I'm not just spinning my wheels here, being ironic; classical behaviourism did have a means of resolving just this difficulty. In full-court-press behaviourism there was only behaviour, no aggression, no intellect,no emotion. There was only stimulus and response, and no resort to any explanation that involved the black box. I think that was the wrong answer - spectacularly so - but it was consistent, which modern behaviourism isn't. Modern behaviourism has abandoned the underlying theory without changing any of its own behaviours; its prescriptions are identical now and then, which is why the Lovaas method has been able to bridge the eras.
But we haven't finished yet."Insofar as behaviours can be observed, they can also be separated and objectively measured." That 'insofar' is another linguistic card trick. The sentence could mean either "To the extent that [intellectual] behaviours can be observed, they can be measured"; which is a mild claim, particularly if one sets the extent to zero. It also carries the burden of "Because [intellectual] behaviours can be observed, they can be measured" and we have been carried further into accepting the ability of behavioural psychology to speak authoritatively about that which it cannot know.

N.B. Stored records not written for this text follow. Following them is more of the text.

Lemma translate_lipschitz n a b x : 0 < a + INR n * T -> forall s1 s2, a <= s1 <= b -> a <= s2 <= b ->
  Rabs (translate n s1 x - translate n s2 x) <= rhs_bound * Rabs (s1 - s2).
Proof.
  intros Ha. apply (lipschitz_of_derivative_bound (fun s => translate n s x)
    (fun s => sc_rhs d f z s (fun y => translate n s y) x)).
  - intros s Hs. apply translate_deriv. lra.
  - intros s Hs. apply rhs_bounded. intros y. apply translate_abs_bound. lra.
Qed.

Lemma rhs_convergence s x : Un_cv (fun n => sc_rhs d f z s (fun y => translate n s y) x)
                                 (sc_rhs d f z s (fun y => V s y) x).
Proof.
  unfold sc_rhs.
  apply CV_plus; [apply CV_plus|].
  - apply CV_mult; [apply CV_const|apply CV_minus; apply HV].
  - apply CV_mult; [apply CV_const|apply CV_minus; apply HV].
  - apply CV_mult; [apply HV|].
    apply (CV_lipschitz (fun u => f s (flr (x + z)) u) L); [|apply HV].
    intros u v. apply HL.
Qed.

Lemma f_time_continuity s0 j eps : 0 < eps -> exists r, 0 < r /\
  forall s u, Rabs (s - s0) < r -> Rabs u <= K -> Rabs (f s j u - f s0 j u) <= eps.
Proof.
  intros Heps. destruct (Hhol K) as [C HC].
  pose proof (Rabs_pos C).
  destruct (Rpower_small (eps / (Rabs C + 1)) alpha ltac:(apply Rdiv_lt_0_compat; lra) Halpha)
    as [r0 [Hr0 Hr]].
  exists (Rmin 1 r0). split; [apply Rmin_glb_lt; lra|].
  intros s u Hs Hu. pose proof (Rmin_l 1 r0). pose proof (Rmin_r 1 r0).
  destruct (Req_dec s s0) as [->|Hne]; [rewrite Rminus_diag, Rabs_R0; lra|].
  assert (Hpos : 0 < Rabs (s - s0)) by (apply Rabs_pos_lt; lra).
  eapply Rle_trans; [apply HC; [exact Hu|lra]|].
  specialize (Hr (Rabs (s - s0)) ltac:(lra)).
  assert (0 < Rpower (Rabs (s - s0)) alpha) by apply exp_pos.
  apply Rle_trans with (Rabs C * (eps / (Rabs C + 1))).
  - apply Rle_trans with (Rabs C * Rpower (Rabs (s - s0)) alpha).
    + apply Rmult_le_compat_r; [lra|apply Rle_abs].
    + apply Rmult_le_compat_l; lra.
  - apply (Rmult_le_reg_r (Rabs C + 1)); [lra|].
    replace (Rabs C * (eps / (Rabs C + 1)) * (Rabs C + 1)) with (Rabs C * eps) by (field; lra).
    nra.
Qed.

Lemma rhs_time_continuity s0 x eps : 0 < eps -> exists del, 0 < del /\
  forall s (w : R -> R), Rabs (s - s0) < del -> (forall y, Rabs (w y) <= K) ->
  Rabs (sc_rhs d f z s w x - sc_rhs d f z s0 w x) <= eps.
Proof.
  intros Heps. pose proof (F0_nonneg f F0 HF0). assert (HK0 : 0 <= K) by lra.
  set (e := eps / (6 * (K + 1))).
  assert (He : 0 < e) by (unfold e; apply Rdiv_lt_0_compat; lra).
  destruct (continuity_pt_eps _ s0 (Hdcont (flr (x + z + 1)) s0) e He) as [da [Hda Hxa]].
  destruct (continuity_pt_eps _ s0 (Hdcont (flr (x + z - 1)) s0) e He) as [db [Hdb Hxb]].
  destruct (f_time_continuity s0 (flr (x + z)) e He) as [df [Hdf Hxf]].
  exists (Rmin da (Rmin db df)). split; [repeat apply Rmin_glb_lt; auto|].
  intros s w Hs Hw.
  pose proof (Rmin_l da (Rmin db df)). pose proof (Rmin_r da (Rmin db df)).
  pose proof (Rmin_l db df). pose proof (Rmin_r db df).
  assert (Hjump : forall y, Rabs (w y - w x) <= 2 * K).
  { intros y. unfold Rminus. eapply Rle_trans; [apply Rabs_triang|]. rewrite Rabs_Ropp.
    pose proof (Hw y). pose proof (Hw x). lra. }
  rewrite rhs_time_increment.
  assert (T1 := Rabs_mult_le _ _ _ _ (Rlt_le _ _ (Hxa s ltac:(lra))) (Hjump (x + 1))).
  assert (T2 := Rabs_mult_le _ _ _ _ (Rlt_le _ _ (Hxb s ltac:(lra))) (Hjump (x - 1))).
  assert (T3 := Rabs_mult_le _ _ _ _ (Hw x) (Hxf s (w x) ltac:(lra) (Hw x))).
  eapply Rle_trans; [apply Rabs_triang|].
  eapply Rle_trans; [apply Rplus_le_compat_r; apply Rabs_triang|].
  assert (Hsum : e * (2 * K) + e * (2 * K) + K * e <= eps).
  { unfold e. apply (Rmult_le_reg_r (6 * (K + 1))); [lra|].
    replace ((eps / (6 * (K + 1)) * (2 * K) + eps / (6 * (K + 1)) * (2 * K)
              + K * (eps / (6 * (K + 1)))) * (6 * (K + 1))) with (5 * K * eps) by (field; lra).
    nra. }
  lra.
Qed.

Lemma translate_rhs_equicontinuity s0 x eps : 0 < eps -> exists del N, 0 < del /\
  forall n, (N <= n)%nat -> forall s, Rabs (s - s0) < del ->
  Rabs (sc_rhs d f z s (fun y => translate n s y) x
        - sc_rhs d f z s0 (fun y => translate n s0 y) x) <= eps.
Proof.
  intros Heps.
  pose proof (Bd_nonneg d Bd Hdpos HdB). pose proof (F0_nonneg f F0 HF0).
  pose proof (L_nonneg f L HL). assert (HK0 : 0 <= K) by lra.
  set (Lip := 4 * Bd + F0 + 2 * L * K).
  assert (HLip : 0 <= Lip) by (unfold Lip; assert (0 <= L * K) by (apply Rmult_le_pos; lra); lra).
  assert (HC : 0 <= rhs_bound) by (unfold rhs_bound; fold Lip; apply Rmult_le_pos; lra).
  destruct (rhs_time_continuity s0 x (eps / 2) ltac:(lra)) as [del [Hdel Hcont]].
  destruct (linear_small (Lip * rhs_bound) (eps / 2) ltac:(apply Rmult_le_pos; lra) ltac:(lra))
    as [r [Hr Hsmall]].
  destruct (eventually_large T (Rabs s0 + 1) HT) as [N HN].
  exists (Rmin 1 (Rmin del r)), N. split; [repeat apply Rmin_glb_lt; lra|]. intros n Hn s Hs.
  pose proof (Rmin_l 1 (Rmin del r)). pose proof (Rmin_r 1 (Rmin del r)).
  pose proof (Rmin_l del r). pose proof (Rmin_r del r).
  specialize (HN n Hn). pose proof (Rle_abs (- s0)) as Hs0. rewrite Rabs_Ropp in Hs0.
  destruct (Rabs_def2 _ _ Hs) as [Hs1 Hs2].
  assert (Hdom : 0 < (s0 - 1) + INR n * T) by lra.
  assert (Hbd : forall t y, Rabs (t - s0) <= 1 -> Rabs (translate n t y) <= K)
    by (intros t y Ht; apply translate_abs_bound; apply Rabs_le_bounds in Ht; lra).
  (* change the time with the state frozen, then the state at the fixed time [s0] *)
  assert (Hfreeze := Hcont s (fun y => translate n s y) ltac:(lra)
                       (fun y => Hbd s y ltac:(lra))).
  assert (Hmove := rhs_lipschitz d f Bd F0 L Hdpos HdB HF0 HL z s0 x
    (fun y => translate n s y) (fun y => translate n s0 y) K (rhs_bound * Rabs (s - s0)) HK0
    (fun y => Hbd s y ltac:(lra)) (fun y => Hbd s0 y ltac:(rewrite Rminus_diag, Rabs_R0; lra))
    (fun y => translate_lipschitz n (s0 - 1) (s0 + 1) y Hdom s s0 ltac:(lra) ltac:(lra))).
  fold Lip in Hmove. rewrite <- Rmult_assoc in Hmove.
  assert (Hsr : 0 <= Rabs (s - s0) < r) by (split; [apply Rabs_pos|lra]).
  specialize (Hsmall (Rabs (s - s0)) Hsr).
  replace (sc_rhs d f z s (fun y => translate n s y) x - sc_rhs d f z s0 (fun y => translate n s0 y) x)
    with ((sc_rhs d f z s (fun y => translate n s y) x - sc_rhs d f z s0 (fun y => translate n s y) x)
        + (sc_rhs d f z s0 (fun y => translate n s y) x - sc_rhs d f z s0 (fun y => translate n s0 y) x))
    by ring.
  eapply Rle_trans; [apply Rabs_triang|]. lra.
Qed.

Lemma limit_deriv s0 x : derivable_pt_lim (fun s => V s x) s0 (sc_rhs d f z s0 (fun y => V s0 y) x).
Proof.
  apply (derivative_of_limit (fun n s => translate n s x)
           (fun n s => sc_rhs d f z s (fun y => translate n s y) x)).
  - intros s. apply HV.
  - apply rhs_convergence.
  - intros r. destruct (eventually_large T (Rabs s0 + r + 1) HT) as [N HN].
    exists N. intros n Hn s Hs. apply translate_deriv.
    specialize (HN n Hn). pose proof (Rle_abs (- s0)) as Hs0. rewrite Rabs_Ropp in Hs0.
    apply Rabs_le_bounds in Hs. lra.
  - intros eps Heps. apply translate_rhs_equicontinuity, Heps.
Qed.

Lemma limit_bounds t x : 0 <= V t x <= K.
Proof.
  destruct (eventually_large T (Rabs t) HT) as [N HN].
  apply (CV_eventual_bounds (fun n => translate n t x) (V t x) 0 K N (HV t x)).
  intros n Hn. apply translate_bounds. specialize (HN n Hn).
  pose proof (Rle_abs (- t)) as Ht. rewrite Rabs_Ropp in Ht. lra.
Qed.

(* By uniqueness, the limit is the solution starting from its own trace at
   time 0. *)
Lemma limit_is_solution t x : 0 <= t -> V t x = U t x (fun y => V 0 y) z.
Proof.
  intros Ht.
  assert (Hb : exists B, forall y, Rabs (V 0 y) <= B).
  { exists K. intros y. destruct (limit_bounds 0 y). rewrite Rabs_right; lra. }
  destruct (sol_map_solution d f U (fun y => V 0 y) z HU Hb) as [Hs H0].
  apply (uniqueness d f Bd F0 L Hdpos HdB HF0 HL z V (fun t x => U t x (fun y => V 0 y) z));
    [|exact Hs|intros y; rewrite H0; reflexivity|exact Ht].
  split; [intros; apply limit_deriv|split].
  - intros y. eapply derivable_rcont. apply limit_deriv.
  - intros tau. exists K. intros t' y _. destruct (limit_bounds t' y). rewrite Rabs_right; lra.
Qed.
End LimitOfTranslates.

Lemma translates_limit_is_entire_solution (T : R) (J : Z) (d : R -> Z -> R)
  (f fu : R -> Z -> R -> R) (M0 : R) (U : R -> R -> (R -> R) -> R -> R)
  (z c K0 : R) (dat : nat -> R -> R) (V : R -> R -> R) :
  0 < T -> (0 < J)%Z -> hyp_d T J d -> hyp_H0 T J M0 f fu -> is_sol_map d f U ->
  (forall n y, 0 <= dat n y <= K0) ->
  (forall t x, Un_cv (fun n => U (t + INR n * T) (x + c * INR n * T) (dat n) (z - c * INR n * T))
                     (V t x)) ->
  (forall t x, 0 <= t -> V t x = U t x (fun y => V 0 y) z) /\
  (forall t x, derivable_pt_lim (fun s => V s x) t (sc_rhs d f z t (fun y => V t y) x)).
Proof.
  intros HT HJ Hd Hf HU Hdat HV.
  destruct (f_zero_bounded T J M0 f fu HT HJ Hf) as [F0 HF0].
  destruct Hd as [[Bd HdB] [[delta [Hdelta Hdlow]] [Hdcont [HdT _]]]].
  assert (Hdpos : forall t j, 0 <= d t j) by (intros t j; specialize (Hdlow t j); lra).
  destruct Hf as [[alpha [[Halpha _] Hhol]] [[L HL] [_ [_ [Hneg [[HM0p HM0] [_ [_ [HfT _]]]]]]]]].
  (* any level above both [M0] and the data is preserved by the flow *)
  set (K := Rmax M0 K0).
  assert (Hdat' : forall n y, 0 <= dat n y <= K)
    by (intros n y; specialize (Hdat n y); pose proof (Rmax_r M0 K0); unfold K; lra).
  split.
  - exact (limit_is_solution T d f Bd F0 L M0 alpha U z c K dat V HT Hdpos HdB Hdcont HdT
             HF0 HL Hneg HM0 HM0p HfT Halpha Hhol HU (Rmax_l M0 K0) Hdat' HV).
  - exact (limit_deriv T d f Bd F0 L M0 alpha U z c K dat V HT Hdpos HdB Hdcont HdT
             HF0 HL Hneg HM0 HM0p HfT Halpha Hhol HU (Rmax_l M0 K0) Hdat' HV).
Qed.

And even if it is only behaviour, does that mean we must accept that it can be separated and objectively measured? I'm still unconvinced. How does one separate a single behaviour? When does it start, when does it stop? We are certainly going to get practical examples further in to the book, but the theoretical issues have not yet been dealt with satisfactorily.
And measured? Again, some doubts remain. If one has separated behaviours, they can be counted; but can they be measured, a term which implies comparison, even numerical comparison? Heights ands weights can be treated mathematically, multiplied, divided, subtracted and added; behaviours would seem to have only the less-than< and greater-than> operators.
To be fair, that last Lovaas sentence was from another paragraph.
OK, you don't go to Lovaas for theory, that was Skinner; this beginning may simply be a pious invocation of the old Skinnerian gods. Even so, it's hardly satisfactory.